With two of the notebooks, I added the pull requests prematurely, because within these notebooks I include links to Github at the top of the notebook, and using the github link as a placeholder (i.e., linking directly to the notebook in the PR), was the most effective way we had at making sure a user could conceivably view any version of the notebook they wanted, whether that was a local copy, a copy in Github, or a copy in Colab.

matthew-mcateer commented 5 years ago

So with that in mind, we've seen a lot of the errors in the current pull request. We're going to be uploading much more stable versions in the near future (i.e., by week's end). We'll alert you when we've done so, @CamDavidsonPilon . It turned out the "Complete" notebooks weren't as complete in PR 13ec2c5 as we initially thought. This should be fixed soon and we'll make those PRs with the notebooks that have been vetted and tested in multiple environments.

matthew-mcateer commented 5 years ago

Also, @CamDavidsonPilon, in these notebooks, in additon to the replacement o PyMC & SciPy with TFP, we're also working on replacing a majority of the Numpy code with Tensorflow and TFP as well. We just figured we'd update everyone on the scope change.
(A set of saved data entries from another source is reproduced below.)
Lemma linear_form_coaction_coaction phi :
  trilinear_form phi -> linear_form (coaction_coaction_form phi).
Proof.
have lrho := is_tensor_linear_brace_coaction h h'.
by move=> lphi; rewrite /coaction_coaction_form; solve_linear_form.
Qed.

Lemma pair_bilinear_coaction_coaction phi b : trilinear_form phi ->
  pair_bilinear (fun s => coaction_coaction_form (translate phi s) b).
Proof.
have lrho := is_tensor_linear_brace_coaction h h'.
by move=> lphi; rewrite /coaction_coaction_form; solve_linear_form.
Qed.

Lemma translate_comul_coaction phi a : trilinear_form phi ->
  \sum_(p <- D a) \sum_(s <- D' p.1) comul_coaction_form (translate phi s) p.2 =
  \sum_(u <- D' a) \sum_(q <- D' u.1) phi q.1 q.2 u.2.
Proof.
move=> lphi; have lrho := is_tensor_linear_brace_coaction h h'.
rewrite (big_comul_coaction h h' (F := fun u => \sum_(q <- D' u.1) phi q.1 q.2 u.2));
  last by solve_linear_form.
apply: eq_bigr => p _; rewrite /comul_coaction_form exchange_big /=.
apply: eq_bigr => w _.
by rewrite (big_comulM h' (F := fun q => phi q.1 q.2 w.2)) //; solve_linear_form.
Qed.

Lemma translate_coaction_coaction phi a : trilinear_form phi ->
  \sum_(u <- D' a) \sum_(q <- D' u.2) phi u.1 q.1 q.2 =
  \sum_(p <- D a) \sum_(s <- D' p.1) coaction_coaction_form (translate phi s) p.2.
Proof.
move=> lphi; have lrho := is_tensor_linear_brace_coaction h h'.
rewrite (big_comul_coaction h h' (F := fun u => \sum_(q <- D' u.2) phi u.1 q.1 q.2));
  last by solve_linear_form.
transitivity (\sum_(p <- D a) \sum_(w <- rho p.2) \sum_(r <- D w.2) \sum_(z <- rho r.2)
                phi (p.1 * w.1) (r.1 * z.1) z.2).
  apply: eq_bigr => p _; apply: eq_bigr => w _.
  by rewrite (big_comul_coaction h h' (F := fun v => phi (p.1 * w.1) v.1 v.2)) //;
    solve_linear_form.
transitivity (\sum_(p <- D a) \sum_(m <- D p.2) \sum_(w1 <- rho m.1) \sum_(w2 <- rho m.2)
                \sum_(z <- rho w2.2) phi (p.1 * w1.1 * w2.1) (w1.2 * z.1) z.2).
  apply: eq_bigr => p _.
  rewrite (big_brace_coaction_comul hC (G := fun a b c =>
             \sum_(z <- rho c) phi (p.1 * a) (b * z.1) z.2)); last by solve_linear_form.
  by do 4!(apply: eq_bigr => ? _); rewrite mulrA.
rewrite -(big_coassoc h (G := fun a1 a2 a3 => \sum_(w1 <- rho a2) \sum_(w2 <- rho a3)
            \sum_(z <- rho w2.2) phi (a1 * w1.1 * w2.1) (w1.2 * z.1) z.2));
  last by solve_linear_form.
apply: eq_bigr => p _.
by rewrite (big_comul_coaction h h' (F := fun s => coaction_coaction_form (translate phi s) p.2));
  last exact: pair_bilinear_coaction_coaction.
Qed.

Lemma brace_coaction_coassoc x :
  teq3 (sbind (rho x) (fun p => [seq (q.1, q.2, p.2) | q <- D' p.1]))
       (sbind (rho x) (fun p => [seq (p.1, q.1, q.2) | q <- rho p.2])).
Proof.
move=> phi lphi.
transitivity (comul_coaction_form phi x).
  by rewrite big_sbind; under eq_bigr do rewrite big_map.
transitivity (coaction_coaction_form phi x).
  rewrite (translate_cancel linear_form_comul_coaction pair_bilinear_comul_coaction x lphi).
  rewrite (translate_cancel linear_form_coaction_coaction pair_bilinear_coaction_coaction x lphi).
  apply: eq_bigr => p _; apply: eq_bigr => t _.
  have lphit : trilinear_form (translate phi t) by solve_linear_form.
  rewrite (translate_comul_coaction p.2 lphit) (big_coassoc h' (G := translate phi t)) //.
  exact: (translate_coaction_coaction p.2 lphit).
by rewrite [RHS]big_sbind; under [RHS]eq_bigr do rewrite big_map.
Qed.

End BraceCoassoc.

Section Transport.
Variables (k : fieldType) (A B : algType k) (hB : hopf_struct B).
Variables (pi : A -> B) (pinv : B -> A).
Hypotheses (lpi : is_linear pi) (pi1 : pi 1 = 1) (piM : forall x y, pi (x * y) = pi x * pi y).
Hypotheses (piK : cancel pi pinv) (pinvK : cancel pinv pi).
Local Notation D := (comul hB).
Local Notation e := (counit hB).
Local Notation S := (antipode hB).

Lemma is_linear_pinv : is_linear pinv.
Proof. by move=> a x y; apply: (can_inj piK); rewrite lpi !pinvK. Qed.

Lemma pinv1 : pinv 1 = 1.
Proof. by rewrite -pi1 piK. Qed.

Lemma pinvM x y : pinv (x * y) = pinv x * pinv y.
Proof. by apply: (can_inj piK); rewrite piM !pinvK. Qed.

Definition transport_comul a := [seq (pinv p.1, pinv p.2) | p <- D (pi a)].
Definition transport_counit a := e (pi a).
Definition transport_antipode a := pinv (S (pi a)).

Lemma big_transport_comul (F : A * A -> k) a :
  \sum_(p <- transport_comul a) F p = \sum_(p <- D (pi a)) F (pinv p.1, pinv p.2).
Proof. exact: big_map. Qed.

Lemma transport_antipode_l x :
  \sum_(p <- transport_comul x) transport_antipode p.1 * p.2 = (transport_counit x)%:A.
Proof.
have lpinv := is_linear_pinv; rewrite big_map.
transitivity (pinv (\sum_(p <- D (pi x)) S p.1 * p.2)).
  by rewrite (is_linear_sum _ _ lpinv); apply: eq_bigr => p _; rewrite /transport_antipode /= pinvK pinvM.
by rewrite (S_antipode_l (hopf_ax hB)) (is_linearZ _ _ lpinv) pinv1.
Qed.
matthew-mcateer commented 5 years ago

Hey @CamDavidsonPilon , Here's a new version of the PR. We decided that it would probably be easier on you if just one chapter was committed at a time. With that in mind, here is a revised chapter 1 (which now includes some of the best practices for TFP semantics, AND also runs in both Graph and Eager mode for Tensorflow). A lot of the plotting has been updated as well.

CamDavidsonPilon commented 5 years ago

Hey @matthew-mcateer, looks great! Runs fine for me. Code looks good too.

Merging the first chapter - excited to see the others next!